The present study has several strengths. First, we used two datasets independently in each PWAS and colocalization analysis, which not only verified the preliminary outcomes but also shed light on the causal relationship through the latter analysis. The alteration of protein abundance in ALS patients’ brains implicated the involvement of novel proteins in pathological pathways as functional molecules, suggesting the effectiveness of PWAS. Second, we validated the risk genes in multiple tissues, which enhanced the reliability of our results. This provided several available tissues to identify future biomarkers and emphasized the tissue specificity of gene expression in ALS.

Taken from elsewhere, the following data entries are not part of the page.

Lemma lam_balanced i j : w i * lam i j + w j * lam j i = 0.
Proof.
rewrite /lam.
case: (Req_dec_T (w i) 0) => Hi; case: (Req_dec_T (w j) 0) => Hj /=.
- by rewrite Hi Hj; ring.
- by rewrite Hi Ropp_0 /Rmax; case: Rlt_dec => ? /=; case: Rle_dec => ? /=; rewrite /Rdiv; ring.
- by rewrite Hj Ropp_0 /Rmax; case: Rlt_dec => ? /=; case: Rle_dec => ? /=; rewrite /Rdiv; ring.
have HW : posmass <> 0 by have := posmass_gt0 Hi; lra.
rewrite /Rmax; case: Rlt_dec => ? /=; case: Rlt_dec => ? /=;
  do 2 case: Rle_dec => ? /=; first [exfalso; lra | field; exact: HW].
Qed.

Lemma lam_row_sum i : sumI (fun j => if i == j then 0 else lam i j) = 1.
Proof.
have HN2 := INR_ge2 HN.
rewrite sumI_but /lam; case: Req_dec_T => H /=.
  by rewrite sumI_const; field; lra.
have HW := posmass_gt0 H.
case: Rlt_dec => H1 /=; rewrite sumI_divr.
- by rewrite negmass Rmax_right; [field | ]; lra.
- by rewrite -/posmass Rmax_right; [field | ]; lra.
Qed.
End PairWeights.

Section PairDirection.
Variables (N : nat) (ns : 'I_N -> nat).
Local Notation V := (vec ns).
Variables (lm : 'I_N -> 'I_N -> R) (i j : 'I_N).
Hypothesis Hij : i != j.

Definition pair_weights (k : 'I_N) : R :=
  if k == i then lm i j else if k == j then lm j i else 0.

Definition pair_dir (d : V) : V := bscale pair_weights d.

Lemma pair_weights_sum (F : 'I_N -> R) :
  sumI (fun k => pair_weights k * F k) = lm i j * F i + lm j i * F j.
Proof.
rewrite -(sumI_two (fun k => lm i j * F k) (fun k => lm j i * F k) Hij).
by apply: eq_bigr => k _; rewrite /pair_weights; case: (k == i); case: (k == j); ring.
Qed.

Lemma pair_weights_unit : (forall p q, 0 <= lm p q <= 1) -> forall k, 0 <= pair_weights k <= 1.
Proof. by move=> Hlm k; rewrite /pair_weights; case: (k == i); case: (k == j) => //; lra. Qed.

Lemma pair_dir_supported (d : V) : supported2 i j (pair_dir d).
Proof.
move=> k Hk l; rewrite /pair_dir /bscale /pair_weights.
by move/norP: Hk => [/negbTE -> /negbTE ->]; ring.
Qed.

Lemma inner_pair_dir (u d : V) :
  inner u (pair_dir d) = lm i j * binner u d i + lm j i * binner u d j.
Proof. by rewrite inner_bscale pair_weights_sum. Qed.

Lemma pairnorm2_pair_dir (d : V) : pairnorm2 i j (pair_dir d) =
  lm i j * lm i j * blocknorm2 d i + lm j i * lm j i * blocknorm2 d j.
Proof.
rewrite -(sumI_two (fun k => lm i j * lm i j * blocknorm2 d k)
                   (fun k => lm j i * lm j i * blocknorm2 d k) Hij).
apply: eq_bigr => k _; rewrite /pair_dir blocknorm2_bscale.
by rewrite /pair_weights; case: (k == i); case: (k == j) => /=; ring.
Qed.
End PairDirection.

Lemma upairs_neq N (p : 'I_N * 'I_N) : p \in upairs N -> p.1 != p.2.
Proof.
case/allpairsPdep => i [j [_ Hj ->]] /=.
by move: Hj; rewrite mem_filter => /andP [H _]; rewrite neq_ltn H.
Qed.

Lemma big_enum_ord N (F : 'I_N -> R) (P : pred 'I_N) :
  \big[Rplus/0]_(i <- enum 'I_N | P i) F i = \big[Rplus/0]_(i < N | P i) F i.
Proof. by rewrite big_enum_cond; apply: eq_bigl => i. Qed.

Lemma sum_upairs N (U : 'I_N -> 'I_N -> R) :
  sumS (upairs N) (fun p => U p.1 p.2 + U p.2 p.1) =
  sumI (fun i => sumI (fun j => if i == j then 0 else U i j)).
Proof.
rewrite /sumS /upairs big_allpairs_dep /=.
under eq_bigr do rewrite big_filter big_enum_ord big_split.
rewrite (big_enum_ord _ predT) big_split /=.
rewrite [X in _ + X](eq_bigr (fun i : 'I_N => \big[Rplus/0]_(j < N) (if (i < j)%N then U j i else 0)));
  last by move=> i _; rewrite big_mkcond.
rewrite exchange_big /= /sumI -big_split; apply: eq_bigr => i _.
rewrite big_mkcond -big_split; apply: eq_bigr => j _ /=.
case: ltngtP => [Hij|Hij|Hij].
- by rewrite ifN ?(ltn_eqF Hij) //; first ring; rewrite neq_ltn Hij.
- by rewrite ifN; first ring; rewrite neq_ltn Hij orbT.
- by rewrite (_ : i == j) //; first ring; apply/eqP/val_inj.
Qed.

Lemma size_upairs N : INR (size (upairs N)) = INR N * (INR N - 1) / 2.
Proof.
have := sum_upairs (fun _ _ : 'I_N => / 2).
rewrite /sumS (eq_bigr (fun _ => 1)) ?big_cst ?Rmult_1_r => [->|]; last by move=> p _; field.
transitivity (sumI (fun _ : 'I_N => INR N * / 2 - / 2)).
  by apply: eq_bigr => i _; rewrite sumI_but sumI_const.
by rewrite sumI_const; field.
Qed.

(* Uniform average over a finite list (empty lists average to 0). *)
Definition avg {T : Type} (ps : seq T) (X : T -> R) : R := / INR (size ps) * sumS ps X.

Lemma avg_le {T : eqType} (ps : seq T) (X Y : T -> R) :
  (forall p, p \in ps -> X p <= Y p) -> avg ps X <= avg ps Y.
Proof.
move=> H; apply: Rmult_le_compat_l.
  by case: (size ps) => [|n]; [rewrite Rinv_0; lra | apply/Rlt_le/Rinv_0_lt_compat/lt_0_INR/ltP].
by rewrite /sumS big_seq [in X in _ <= X]big_seq; apply: big_le.
Qed.

Lemma avg_scal_sub {T : Type} (ps : seq T) c (X Y : T -> R) :
  avg ps (fun p => c * (X p - Y p)) = c * (avg ps X - avg ps Y).
Proof. by rewrite /avg /sumS big_scal big_sub; ring. Qed.

Lemma avg_const {T : Type} (ps : seq T) m : (0 < size ps)%N -> avg ps (fun _ => m) = m.
Proof.
move=> Hps; rewrite /avg /sumS big_cst; field.
by apply: not_0_INR; case: (size ps) Hps.
Qed.

Lemma Gam_pos N (L : 'I_N -> 'I_N -> R) : (2 <= N)%N -> (forall i j, 0 < L i j) ->
  forall i, 0 < Gam L i.
Proof.
move=> HN HLpos i; have HN2 := INR_ge2 HN.
rewrite /Gam; apply: Rmult_lt_0_compat; first by apply: Rinv_0_lt_compat; lra.
by apply: (Rlt_le_trans _ (L i i)) => //; apply: sumI_ge_term => k; exact: Rlt_le.
Qed.

Lemma NGam_row_sum N (L : 'I_N -> 'I_N -> R) : (2 <= N)%N ->
  forall i, INR N * Gam L i = sumI (fun j => L i j).
Proof. by move=> HN i; have := INR_ge2 HN; rewrite /Gam => ?; field; lra. Qed.

Section OneStep.
Variables (N : nat) (ns : 'I_N -> nat).
Local Notation V := (vec ns).
Variables (f h : V -> R) (g : V -> V) (hh : forall i : 'I_N, 'I_(ns i) -> R -> R).
Arguments hh : clear implicits.
Variables (a : V) (L : 'I_N -> 'I_N -> R) (dp : V -> 'I_N -> 'I_N -> V) (dN : V -> V).
Hypothesis HN : (2 <= N)%N.
Hypothesis Hgrad : is_gradient f g.
Hypothesis HLpos : forall i j, 0 < L i j.
Hypothesis HLsym : forall i j, L i j = L j i.
Hypothesis HLip : forall (i j : 'I_N) (x s : V), supported2 i j s ->
  sqrt (pairnorm2 i j (vsub (g (vadd x s)) (g x))) <= L i j * sqrt (pairnorm2 i j s).
Hypothesis Hh : forall x, h x = sumI (fun i => sumI (fun l : 'I_(ns i) => hh i l (x i l))).
Hypothesis Hhconv : forall i l, convexR (hh i l).
Hypothesis Hdp : forall x (i j : 'I_N), i <> j ->
  IsArgmin (rcd_feas a i j) (rcd_obj f h g L x i j) (dp x i j).
Hypothesis HdN : forall x, IsArgmin (fun s => inner a s = 0)
  (dL_obj f h g (fun i => INR N * Gam L i) x) (dN x).

(* Pair weights splitting d = d_{N Gamma}(x) into feasible pair directions. *)
Definition split_weights (x : V) : 'I_N -> 'I_N -> R := lam (binner a (dN x)).

Lemma split_weights_unit x p q : 0 <= split_weights x p q <= 1.
Proof. by apply: lam_unit => //; case: (HdN x). Qed.

Lemma split_weights_feasible x i j : i != j -> rcd_feas a i j (pair_dir (split_weights x) i j (dN x)).
Proof.
move=> Hij; split; first exact: pair_dir_supported.
have [Hw _] := HdN x.
have := lam_balanced (w := binner a (dN x)) Hw i j.
by rewrite inner_pair_dir // /split_weights; lra.
Qed.

Definition pair_gain (x : V) (i j : 'I_N) : R :=
  let lm := split_weights x i j in
  lm * (binner (g x) (dN x) i + hdiff hh x (dN x) i) + L i j / 2 * (lm * lm) * blocknorm2 (dN x) i.

(* The step of 2-RCD on (i, j) does at least as well as the pair direction. *)
Lemma pair_bound x i j : i != j ->
  f (rcd_step dp x (i, j)) + h (rcd_step dp x (i, j)) <= f x + h x + (pair_gain x i j + pair_gain x j i).
Proof.
move=> Hij; have [[Hsupp _] Hmin] := Hdp x (elimN eqP Hij).
have Hdes := descent Hgrad HLpos HLip x Hsupp.
have := Hmin _ (split_weights_feasible x Hij).
rewrite /rcd_obj inner_pair_dir // pairnorm2_pair_dir // => Hobj.
have := h_bscale Hh Hhconv x (dN x) (pair_weights_unit i j (@split_weights_unit x)).
rewrite -/(pair_dir _ i j _) pair_weights_sum // => Hhb.
move: Hdes Hobj Hhb; rewrite /rcd_step /pair_gain /= (HLsym j i).
set l1 := split_weights x i j; set l2 := split_weights x j i; lra.
Qed.

Lemma row_bound x i : sumI (fun j => if i == j then 0 else pair_gain x i j) <=
  binner (g x) (dN x) i + hdiff hh x (dN x) i + / 2 * (INR N * Gam L i) * blocknorm2 (dN x) i.
Proof.
set c := binner _ _ i + hdiff _ _ _ i; set B := blocknorm2 (dN x) i.
have HB : 0 <= B by exact: blocknorm2_ge0.
rewrite (_ : sumI _ = c * sumI (fun j => if i == j then 0 else split_weights x i j) +
    sumI (fun j => if i == j then 0 else L i j / 2 * (split_weights x i j)^2 * B)); last first.
  rewrite /sumI -big_scal -big_split; apply: eq_bigr => j _.
  by case: ifP => _; rewrite /pair_gain /c /B /=; ring.
rewrite lam_row_sum //; last by case: (HdN x).
rewrite Rmult_1_r NGam_row_sum //; apply: Rplus_le_compat_l.
rewrite (_ : / 2 * _ * B = / 2 * B * sumI (fun j => L i j)); last ring.
rewrite /sumI -big_scal; apply: big_le => j _.
have HL := HLpos i j; have [H0 H1] := split_weights_unit x i j.
have Hsq : 0 <= (split_weights x i j)^2 <= 1 by split; nra.
case: ifP => _; first by apply: Rmult_le_pos; [apply: Rmult_le_pos|]; lra.
have HLB := Rmult_le_pos _ _ (Rlt_le _ _ HL) HB.
move: Hsq; set sq := _ ^ 2; rewrite /Rdiv; nra.
Qed.

(* Averaging the pair bounds over the N(N-1)/2 pairs: the gains recombine
   into the objective of the problem defining d = d_{N Gamma}(x). *)
Lemma pairs_sum_bound x :
  sumS (upairs N) (fun p => f (rcd_step dp x p) + h (rcd_step dp x p)) <=
  INR (size (upairs N)) * (f x + h x) + (inner (g x) (dN x) + (h (vadd x (dN x)) - h x))
  + / 2 * (normL (fun i => INR N * Gam L i) (dN x) * normL (fun i => INR N * Gam L i) (dN x)).
Proof.
have HNGam i : 0 < INR N * Gam L i.
  by apply: Rmult_lt_0_compat; [have := INR_ge2 HN; lra | exact: Gam_pos].
set rows := sumI (fun i => binner (g x) (dN x) i + hdiff hh x (dN x) i +
                            / 2 * (INR N * Gam L i) * blocknorm2 (dN x) i).
have Hrows : rows = inner (g x) (dN x) + (h (vadd x (dN x)) - h x) +
    / 2 * (normL (fun i => INR N * Gam L i) (dN x) * normL (fun i => INR N * Gam L i) (dN x)).
  rewrite (h_increment Hh) normL_sq // /rows /sumI !big_split -big_scal /=.
  by congr (_ + _ + _); apply: eq_bigr => i _; ring.
have Hgains : sumI (fun i => sumI (fun j => if i == j then 0 else pair_gain x i j)) <= rows.
  by apply: big_le => i _; exact: row_bound.
apply: (Rle_trans _ (sumS (upairs N) (fun p => f x + h x + (pair_gain x p.1 p.2 + pair_gain x p.2 p.1)))).
  rewrite /sumS big_seq [in X in _ <= X]big_seq; apply: big_le => -[i j] /upairs_neq.
  exact: pair_bound.
rewrite /sumS big_split big_cst -/(sumS _ _) sum_upairs /=.
lra.
Qed.

Lemma rcd_step_feasible b x p : p \in upairs N -> inner a x = b -> inner a (rcd_step dp x p) = b.
Proof.
move=> /upairs_neq /eqP Hp Hx; have [[_ Hd] _] := Hdp x Hp.
by rewrite /rcd_step inner_vadd Hx Hd Rplus_0_r.
Qed.

Definition M2sq (x : V) : R :=
  dnormL (Gam L) (Dmul (Gam L) (dN x)) * dnormL (Gam L) (Dmul (Gam L) (dN x)).

Lemma one_step x :
  M2sq x <= INR N * (f x + h x - avg (upairs N) (fun p => f (rcd_step dp x p) + h (rcd_step dp x p))).
Proof.
have HN2 := INR_ge2 HN; have HGam := Gam_pos HN HLpos.
have HNGam i : 0 < INR N * Gam L i by apply: Rmult_lt_0_compat; [lra | exact: HGam].
set t := (INR N - 1) / INR N.
have Ht : 0 <= t < 1.
  split; first by apply: Rdiv_ge0; lra.
  by apply: (Rmult_lt_reg_r (INR N)); [lra | rewrite /t /Rdiv Rmult_assoc Rinv_l; lra].
have Hopt := direction_optimality Hh Hhconv HNGam (HdN x) Ht.
have Hsum := pairs_sum_bound x.
have HM : M2sq x = normL (fun i => INR N * Gam L i) (dN x) * normL (fun i => INR N * Gam L i) (dN x) / INR N.
  rewrite /M2sq dnormL_Dmul // !normL_sq // -sumI_divr.
  by apply: eq_bigr => i _; field; lra.
rewrite /avg HM size_upairs in Hsum *.
move: Hopt Hsum; set q := normL _ _ * _; set S := sumS _ _.
set P := INR N * (INR N - 1) / 2 => Hopt Hsum.
have HP : 0 < P by rewrite /P; apply: Rdiv_lt_0_compat; nra.
have -> : q / INR N = INR N * (t / 2 * q / P) by rewrite /t /P; field; lra.
apply: Rmult_le_compat_l; first lra.
suff : / P * S <= f x + h x - t / 2 * q / P by lra.
apply: (Rmult_le_reg_l P) => //; rewrite -Rmult_assoc Rinv_r; last lra.
rewrite Rmult_1_l (_ : P * _ = P * (f x + h x) - t / 2 * q); first nra.
by field; lra.
Qed.
End OneStep.

Section Trajectories.
Variables (N : nat) (ns : 'I_N -> nat).
Local Notation V := (vec ns).
Variables (dp : V -> 'I_N -> 'I_N -> V) (ps : seq ('I_N * 'I_N)) (Phi : V -> R).

Lemma expect_decrease (M : V -> R) c :
  (forall x, M x <= c * (Phi x - avg ps (fun p => Phi (rcd_step dp x p)))) ->
  forall l x, Expect ps l (fun s => M (rcd_run dp x s)) <=
    c * Expect ps l (fun s => Phi (rcd_run dp x s)) - c * Expect ps l.+1 (fun s => Phi (rcd_run dp x s)).
Proof.
move=> Hstep l x; rewrite -Rmult_minus_distr_l.
elim: l x => [|l IH] x; first exact: Hstep.
change (avg ps (fun p => Expect ps l (fun s => M (rcd_run dp (rcd_step dp x p) s))) <=
  c * (avg ps (fun p => Expect ps l (fun s => Phi (rcd_run dp (rcd_step dp x p) s))) -
       avg ps (fun p => Expect ps l.+1 (fun s => Phi (rcd_run dp (rcd_step dp x p) s))))).
by rewrite -avg_scal_sub; apply: avg_le => p _; exact: IH.
Qed.

Lemma expect_lower (S : V -> Prop) m : (0 < size ps)%N ->
  (forall x p, p \in ps -> S x -> S (rcd_step dp x p)) -> (forall x, S x -> m <= Phi x) ->
  forall l x, S x -> m <= Expect ps l (fun s => Phi (rcd_run dp x s)).
Proof.
move=> Hps HS Hm; elim=> [|l IH] x Hx; first exact: Hm.
change (m <= avg ps (fun p => Expect ps l (fun s => Phi (rcd_run dp (rcd_step dp x p) s)))).
by rewrite -(avg_const m Hps); apply: avg_le => p Hp; apply: IH; exact: HS.
Qed.
End Trajectories.

Lemma min_upto_telescope (u phi : nat -> R) : (forall l, u l <= phi l - phi l.+1) ->
  forall k, min_upto k u <= (phi 0%N - phi k.+1) / INR (k + 1).
Proof.
move=> Hu k; have Hk : 0 < INR (k + 1) by apply/lt_0_INR/ltP; rewrite addn1.
apply: (Rmult_le_reg_r (INR (k + 1))) => //.
rewrite /Rdiv Rmult_assoc Rinv_l ?Rmult_1_r; last lra.
elim: k {Hk} => [|k IH]; first by have := Hu 0%N; rewrite /= Rmult_1_r.
change (min_upto k.+1 u) with (Rmin (min_upto k u) (u k.+1)).
rewrite (_ : INR (k.+1 + 1) = INR (k + 1) + 1); last by rewrite !addn1 S_INR.
have Hm := Rmult_le_compat_r _ _ _ (pos_INR (k + 1)) (Rmin_l (min_upto k u) (u k.+1)).
have := Rmin_r (min_upto k u) (u k.+1); have := Hu k.+1; lra.
Qed.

This study has several limitations. First, the relatively small sample size limited the output of protein abundance; thus, the pQTL data size in PWAS was limited, which explained the modest number of important PWAS genes revealed. Second, the sample size varied among the different datasets utilized in the differential expression analysis. Third, tissue sources were restricted, which may lead to a one-sided view of disease mechanisms, with the causes manifesting in multiple dimensions. (1) As a neurodegenerative illness, ALS affects the entire brain network, while the brain tissue used in PWAS only included the dlPFC. (2) We only used three peripheral tissues in the differential expression study, and other helpful tissues, such as higher motor neurons, should be investigated further. Finally, future exploration of the pathogenesis of ALS in SARM1 cell models and animal studies is still needed.

Conclusion

At the human brain proteome level, we discovered six ALS risk genes (SCFD1, SARM1, TMEM175, BCS1L, WIPI2, and DHRS11). Notably, SARM1 was the most promising biomarker for ALS and was verified in multiple ALS-related tissues (lower motor neurons, skeletal muscle, and whole blood). SARM1-mediated axon degeneration may serve as a therapeutically targeted pathway for ALS. However, more studies are needed to confirm our results in the future.